WHAT THE TASK REQUIRES:
Please copy every line from the following entries in which the word "discriminate" appears.

Stored items:
# # # # #

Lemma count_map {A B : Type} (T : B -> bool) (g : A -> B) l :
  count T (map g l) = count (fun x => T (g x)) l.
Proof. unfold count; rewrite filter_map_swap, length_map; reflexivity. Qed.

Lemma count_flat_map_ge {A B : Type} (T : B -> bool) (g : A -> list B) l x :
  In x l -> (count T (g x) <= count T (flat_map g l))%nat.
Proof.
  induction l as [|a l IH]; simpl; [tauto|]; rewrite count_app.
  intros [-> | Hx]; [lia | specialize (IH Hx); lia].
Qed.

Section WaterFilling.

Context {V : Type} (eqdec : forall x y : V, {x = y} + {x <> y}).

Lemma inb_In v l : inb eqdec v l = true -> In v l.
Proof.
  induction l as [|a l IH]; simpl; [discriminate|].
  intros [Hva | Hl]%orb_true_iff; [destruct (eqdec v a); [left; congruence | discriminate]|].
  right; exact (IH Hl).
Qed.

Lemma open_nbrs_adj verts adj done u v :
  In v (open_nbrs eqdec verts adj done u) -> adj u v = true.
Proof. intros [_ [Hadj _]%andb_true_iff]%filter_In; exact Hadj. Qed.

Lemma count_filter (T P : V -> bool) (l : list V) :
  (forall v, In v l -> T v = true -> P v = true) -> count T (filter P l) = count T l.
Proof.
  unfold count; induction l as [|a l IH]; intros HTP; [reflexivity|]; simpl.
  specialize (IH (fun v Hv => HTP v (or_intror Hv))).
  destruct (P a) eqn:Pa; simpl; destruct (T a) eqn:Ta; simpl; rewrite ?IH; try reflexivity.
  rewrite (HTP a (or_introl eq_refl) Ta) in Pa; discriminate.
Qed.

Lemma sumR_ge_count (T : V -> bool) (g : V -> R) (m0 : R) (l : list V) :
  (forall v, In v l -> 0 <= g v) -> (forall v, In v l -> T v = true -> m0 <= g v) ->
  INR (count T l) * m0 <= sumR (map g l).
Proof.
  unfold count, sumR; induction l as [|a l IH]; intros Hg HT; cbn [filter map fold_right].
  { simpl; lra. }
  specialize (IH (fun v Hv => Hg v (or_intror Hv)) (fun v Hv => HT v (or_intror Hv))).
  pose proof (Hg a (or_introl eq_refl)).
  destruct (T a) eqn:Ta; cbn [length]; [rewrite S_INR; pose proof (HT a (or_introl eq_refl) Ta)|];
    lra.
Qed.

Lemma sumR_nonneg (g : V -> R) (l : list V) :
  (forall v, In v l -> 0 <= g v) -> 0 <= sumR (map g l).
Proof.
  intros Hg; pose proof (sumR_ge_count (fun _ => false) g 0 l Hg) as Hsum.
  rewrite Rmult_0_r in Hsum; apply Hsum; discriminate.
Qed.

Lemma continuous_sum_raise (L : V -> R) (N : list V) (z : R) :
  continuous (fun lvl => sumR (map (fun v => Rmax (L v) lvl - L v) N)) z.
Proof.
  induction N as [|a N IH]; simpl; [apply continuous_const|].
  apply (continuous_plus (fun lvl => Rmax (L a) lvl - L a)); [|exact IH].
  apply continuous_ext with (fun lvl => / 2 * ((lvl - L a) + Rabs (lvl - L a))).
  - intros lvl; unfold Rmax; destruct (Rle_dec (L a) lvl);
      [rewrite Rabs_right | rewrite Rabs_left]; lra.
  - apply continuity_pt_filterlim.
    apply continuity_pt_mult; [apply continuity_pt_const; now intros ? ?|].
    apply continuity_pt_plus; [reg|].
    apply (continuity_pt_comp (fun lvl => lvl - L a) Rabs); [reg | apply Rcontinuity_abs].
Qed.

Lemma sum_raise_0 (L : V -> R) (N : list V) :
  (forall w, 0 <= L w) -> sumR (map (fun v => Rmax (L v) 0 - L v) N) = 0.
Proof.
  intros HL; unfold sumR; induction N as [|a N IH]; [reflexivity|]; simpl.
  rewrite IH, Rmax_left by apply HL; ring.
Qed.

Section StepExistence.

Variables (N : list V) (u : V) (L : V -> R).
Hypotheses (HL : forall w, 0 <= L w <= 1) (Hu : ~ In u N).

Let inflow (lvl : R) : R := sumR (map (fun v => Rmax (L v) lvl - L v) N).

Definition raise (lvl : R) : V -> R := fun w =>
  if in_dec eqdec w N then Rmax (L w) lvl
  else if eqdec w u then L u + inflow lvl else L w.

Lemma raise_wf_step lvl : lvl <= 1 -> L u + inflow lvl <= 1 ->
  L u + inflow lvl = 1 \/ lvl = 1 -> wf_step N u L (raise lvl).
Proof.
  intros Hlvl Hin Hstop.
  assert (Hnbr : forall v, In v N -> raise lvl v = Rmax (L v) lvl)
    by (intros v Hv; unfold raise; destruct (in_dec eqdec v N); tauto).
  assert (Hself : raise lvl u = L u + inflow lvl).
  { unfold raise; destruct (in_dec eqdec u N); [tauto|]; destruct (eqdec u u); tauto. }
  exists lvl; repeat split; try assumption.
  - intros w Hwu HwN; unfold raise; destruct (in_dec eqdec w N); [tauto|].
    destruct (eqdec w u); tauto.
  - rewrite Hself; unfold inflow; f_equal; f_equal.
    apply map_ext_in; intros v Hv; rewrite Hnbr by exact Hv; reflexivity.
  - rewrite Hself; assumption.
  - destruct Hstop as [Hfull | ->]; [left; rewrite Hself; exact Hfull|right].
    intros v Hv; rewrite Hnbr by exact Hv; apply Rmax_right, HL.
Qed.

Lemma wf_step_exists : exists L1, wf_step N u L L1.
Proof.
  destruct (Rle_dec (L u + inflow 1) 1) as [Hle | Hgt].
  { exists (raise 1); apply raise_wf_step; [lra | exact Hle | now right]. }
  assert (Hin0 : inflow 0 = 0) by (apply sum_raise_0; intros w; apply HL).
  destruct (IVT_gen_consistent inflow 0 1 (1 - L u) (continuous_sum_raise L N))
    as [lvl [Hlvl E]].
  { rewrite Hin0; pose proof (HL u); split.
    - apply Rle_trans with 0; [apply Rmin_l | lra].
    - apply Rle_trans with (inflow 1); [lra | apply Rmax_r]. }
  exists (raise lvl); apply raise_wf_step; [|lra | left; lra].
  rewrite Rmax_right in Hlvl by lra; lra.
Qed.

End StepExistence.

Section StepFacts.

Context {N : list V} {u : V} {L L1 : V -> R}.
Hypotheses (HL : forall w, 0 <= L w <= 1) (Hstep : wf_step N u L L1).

# # # # #

ANSWER FOR THIS EXERCISE:
  induction l as [|a l IH]; simpl; [discriminate|].
  intros [Hva | Hl]%orb_true_iff; [destruct (eqdec v a); [left; congruence | discriminate]|].
  rewrite (HTP a (or_introl eq_refl) Ta) in Pa; discriminate.
  rewrite Rmult_0_r in Hsum; apply Hsum; discriminate.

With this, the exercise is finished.